About this task: When the line containing "unfold b, d." is reached, copy it and each subsequent line of the material below exactly, through the last line.

------------------------------------------------------------------------

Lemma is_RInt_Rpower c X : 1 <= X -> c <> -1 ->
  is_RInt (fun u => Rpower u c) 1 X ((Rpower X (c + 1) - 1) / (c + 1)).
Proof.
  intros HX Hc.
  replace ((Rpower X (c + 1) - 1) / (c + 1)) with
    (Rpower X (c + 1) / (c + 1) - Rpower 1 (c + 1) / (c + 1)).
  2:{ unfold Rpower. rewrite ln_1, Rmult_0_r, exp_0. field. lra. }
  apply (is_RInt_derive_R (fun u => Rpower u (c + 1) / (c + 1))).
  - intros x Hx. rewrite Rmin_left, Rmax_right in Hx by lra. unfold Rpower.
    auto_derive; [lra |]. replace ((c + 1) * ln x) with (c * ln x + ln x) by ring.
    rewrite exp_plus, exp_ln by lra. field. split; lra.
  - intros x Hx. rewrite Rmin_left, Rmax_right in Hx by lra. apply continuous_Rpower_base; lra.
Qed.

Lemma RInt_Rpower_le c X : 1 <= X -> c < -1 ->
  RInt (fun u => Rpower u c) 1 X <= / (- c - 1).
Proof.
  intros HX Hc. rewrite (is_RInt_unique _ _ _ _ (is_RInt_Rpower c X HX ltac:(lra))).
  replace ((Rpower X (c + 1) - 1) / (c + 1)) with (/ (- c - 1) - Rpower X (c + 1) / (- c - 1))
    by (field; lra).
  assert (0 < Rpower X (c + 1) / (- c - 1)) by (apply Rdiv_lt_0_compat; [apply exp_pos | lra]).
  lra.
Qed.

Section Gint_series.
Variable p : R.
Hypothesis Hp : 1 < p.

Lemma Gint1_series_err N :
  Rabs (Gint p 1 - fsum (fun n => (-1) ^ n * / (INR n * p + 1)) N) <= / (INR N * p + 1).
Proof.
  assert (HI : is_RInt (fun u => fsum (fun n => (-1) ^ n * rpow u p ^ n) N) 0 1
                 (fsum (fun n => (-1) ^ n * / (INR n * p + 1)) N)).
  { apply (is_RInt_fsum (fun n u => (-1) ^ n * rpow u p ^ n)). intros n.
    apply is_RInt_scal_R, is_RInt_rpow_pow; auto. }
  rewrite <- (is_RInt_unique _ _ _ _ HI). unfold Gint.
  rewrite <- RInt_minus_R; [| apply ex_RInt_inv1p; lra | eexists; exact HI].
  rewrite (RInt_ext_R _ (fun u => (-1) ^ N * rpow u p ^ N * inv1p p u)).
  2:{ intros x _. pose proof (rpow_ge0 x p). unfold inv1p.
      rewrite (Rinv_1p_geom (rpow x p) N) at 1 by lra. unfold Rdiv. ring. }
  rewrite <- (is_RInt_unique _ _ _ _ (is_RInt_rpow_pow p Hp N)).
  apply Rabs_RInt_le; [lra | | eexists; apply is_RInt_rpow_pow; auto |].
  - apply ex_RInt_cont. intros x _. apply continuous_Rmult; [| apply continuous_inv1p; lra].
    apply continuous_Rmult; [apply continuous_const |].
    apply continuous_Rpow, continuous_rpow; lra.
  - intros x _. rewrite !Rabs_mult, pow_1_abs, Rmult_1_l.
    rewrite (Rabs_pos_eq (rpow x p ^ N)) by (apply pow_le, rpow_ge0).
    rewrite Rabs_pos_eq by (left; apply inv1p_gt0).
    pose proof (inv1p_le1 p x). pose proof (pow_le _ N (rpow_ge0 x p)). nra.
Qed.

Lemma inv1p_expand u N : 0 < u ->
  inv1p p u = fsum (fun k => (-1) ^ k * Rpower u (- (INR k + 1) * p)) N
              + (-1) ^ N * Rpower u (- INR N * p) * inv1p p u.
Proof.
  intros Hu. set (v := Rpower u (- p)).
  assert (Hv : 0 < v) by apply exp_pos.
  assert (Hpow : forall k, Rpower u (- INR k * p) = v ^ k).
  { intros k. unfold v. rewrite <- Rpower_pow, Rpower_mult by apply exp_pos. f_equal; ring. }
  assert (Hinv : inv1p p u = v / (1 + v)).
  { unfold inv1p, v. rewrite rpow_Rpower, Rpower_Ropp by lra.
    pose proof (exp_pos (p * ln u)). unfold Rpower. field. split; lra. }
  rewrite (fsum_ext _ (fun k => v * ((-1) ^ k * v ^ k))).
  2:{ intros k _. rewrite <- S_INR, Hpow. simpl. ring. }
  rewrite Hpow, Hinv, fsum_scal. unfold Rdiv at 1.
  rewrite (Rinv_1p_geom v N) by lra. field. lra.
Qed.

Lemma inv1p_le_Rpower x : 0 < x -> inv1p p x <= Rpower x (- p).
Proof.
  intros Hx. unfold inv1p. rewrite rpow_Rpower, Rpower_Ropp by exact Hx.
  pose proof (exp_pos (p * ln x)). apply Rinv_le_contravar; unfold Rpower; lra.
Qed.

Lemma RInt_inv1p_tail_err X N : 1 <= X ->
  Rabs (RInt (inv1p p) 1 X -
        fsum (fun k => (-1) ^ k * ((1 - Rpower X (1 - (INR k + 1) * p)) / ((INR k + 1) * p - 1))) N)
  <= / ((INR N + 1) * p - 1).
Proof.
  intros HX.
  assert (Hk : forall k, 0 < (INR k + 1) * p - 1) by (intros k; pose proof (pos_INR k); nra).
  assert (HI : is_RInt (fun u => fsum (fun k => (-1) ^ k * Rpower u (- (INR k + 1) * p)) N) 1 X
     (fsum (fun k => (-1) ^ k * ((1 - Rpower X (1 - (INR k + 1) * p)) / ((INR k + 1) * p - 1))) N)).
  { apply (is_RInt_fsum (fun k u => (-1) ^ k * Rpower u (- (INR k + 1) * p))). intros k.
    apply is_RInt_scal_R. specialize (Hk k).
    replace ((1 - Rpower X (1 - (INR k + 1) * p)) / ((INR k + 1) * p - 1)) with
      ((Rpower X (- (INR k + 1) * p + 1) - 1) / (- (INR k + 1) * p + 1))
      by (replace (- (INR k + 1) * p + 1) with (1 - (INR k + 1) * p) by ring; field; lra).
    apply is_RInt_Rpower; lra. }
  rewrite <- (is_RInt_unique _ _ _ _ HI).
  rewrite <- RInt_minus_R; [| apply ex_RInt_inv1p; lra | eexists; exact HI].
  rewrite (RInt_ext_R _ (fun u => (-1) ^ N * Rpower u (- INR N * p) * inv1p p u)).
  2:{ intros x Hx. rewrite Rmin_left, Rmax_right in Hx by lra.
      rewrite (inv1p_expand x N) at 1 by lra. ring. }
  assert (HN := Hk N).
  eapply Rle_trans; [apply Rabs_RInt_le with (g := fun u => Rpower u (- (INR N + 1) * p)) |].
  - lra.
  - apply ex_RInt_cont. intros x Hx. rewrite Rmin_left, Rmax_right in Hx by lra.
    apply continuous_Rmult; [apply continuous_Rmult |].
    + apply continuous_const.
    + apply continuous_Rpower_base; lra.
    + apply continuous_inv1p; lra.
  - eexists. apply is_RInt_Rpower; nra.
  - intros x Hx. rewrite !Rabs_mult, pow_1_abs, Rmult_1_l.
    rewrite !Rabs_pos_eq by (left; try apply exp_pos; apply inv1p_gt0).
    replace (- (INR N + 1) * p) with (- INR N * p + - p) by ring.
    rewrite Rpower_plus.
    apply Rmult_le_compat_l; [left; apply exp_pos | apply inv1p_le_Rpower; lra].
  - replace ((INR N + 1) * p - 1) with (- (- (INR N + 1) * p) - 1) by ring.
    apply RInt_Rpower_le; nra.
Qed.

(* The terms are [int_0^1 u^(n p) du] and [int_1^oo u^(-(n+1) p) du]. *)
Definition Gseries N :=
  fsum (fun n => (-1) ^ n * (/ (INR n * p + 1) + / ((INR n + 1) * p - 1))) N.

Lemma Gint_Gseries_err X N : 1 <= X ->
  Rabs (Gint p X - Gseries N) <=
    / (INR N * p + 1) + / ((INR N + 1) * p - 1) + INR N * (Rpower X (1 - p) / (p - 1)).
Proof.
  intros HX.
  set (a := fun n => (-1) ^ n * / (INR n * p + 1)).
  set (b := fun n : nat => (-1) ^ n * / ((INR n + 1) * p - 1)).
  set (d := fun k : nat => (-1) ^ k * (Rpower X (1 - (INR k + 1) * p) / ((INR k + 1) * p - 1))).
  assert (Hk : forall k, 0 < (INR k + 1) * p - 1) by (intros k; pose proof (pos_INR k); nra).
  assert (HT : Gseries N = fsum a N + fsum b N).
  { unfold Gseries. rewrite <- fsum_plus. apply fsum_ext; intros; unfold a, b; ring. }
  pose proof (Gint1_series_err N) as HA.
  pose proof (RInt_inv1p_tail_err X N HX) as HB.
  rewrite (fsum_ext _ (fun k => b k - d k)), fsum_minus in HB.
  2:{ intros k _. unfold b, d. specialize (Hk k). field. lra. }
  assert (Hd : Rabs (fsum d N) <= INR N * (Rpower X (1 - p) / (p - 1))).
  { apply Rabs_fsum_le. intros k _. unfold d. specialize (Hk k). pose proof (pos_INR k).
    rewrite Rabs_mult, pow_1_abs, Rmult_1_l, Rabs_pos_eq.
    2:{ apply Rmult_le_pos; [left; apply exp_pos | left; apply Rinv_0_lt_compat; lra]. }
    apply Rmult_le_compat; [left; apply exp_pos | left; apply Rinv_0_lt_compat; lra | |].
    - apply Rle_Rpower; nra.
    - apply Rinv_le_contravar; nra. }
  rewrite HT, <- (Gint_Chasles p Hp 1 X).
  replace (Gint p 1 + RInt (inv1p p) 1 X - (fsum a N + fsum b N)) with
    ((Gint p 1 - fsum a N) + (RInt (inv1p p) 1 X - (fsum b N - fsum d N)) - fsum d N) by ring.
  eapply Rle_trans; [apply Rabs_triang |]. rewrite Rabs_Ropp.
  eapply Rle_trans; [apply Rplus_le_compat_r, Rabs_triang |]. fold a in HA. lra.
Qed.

------------------------------------------------------------------------

Finished task:
  2:{ intros k _. unfold b, d. specialize (Hk k). field. lra. }
  assert (Hd : Rabs (fsum d N) <= INR N * (Rpower X (1 - p) / (p - 1))).
  { apply Rabs_fsum_le. intros k _. unfold d. specialize (Hk k). pose proof (pos_INR k).
    rewrite Rabs_mult, pow_1_abs, Rmult_1_l, Rabs_pos_eq.
    2:{ apply Rmult_le_pos; [left; apply exp_pos | left; apply Rinv_0_lt_compat; lra]. }
    apply Rmult_le_compat; [left; apply exp_pos | left; apply Rinv_0_lt_compat; lra | |].
    - apply Rle_Rpower; nra.
    - apply Rinv_le_contravar; nra. }
  rewrite HT, <- (Gint_Chasles p Hp 1 X).
  replace (Gint p 1 + RInt (inv1p p) 1 X - (fsum a N + fsum b N)) with
    ((Gint p 1 - fsum a N) + (RInt (inv1p p) 1 X - (fsum b N - fsum d N)) - fsum d N) by ring.
  eapply Rle_trans; [apply Rabs_triang |]. rewrite Rabs_Ropp.
  eapply Rle_trans; [apply Rplus_le_compat_r, Rabs_triang |]. fold a in HA. lra.
Qed.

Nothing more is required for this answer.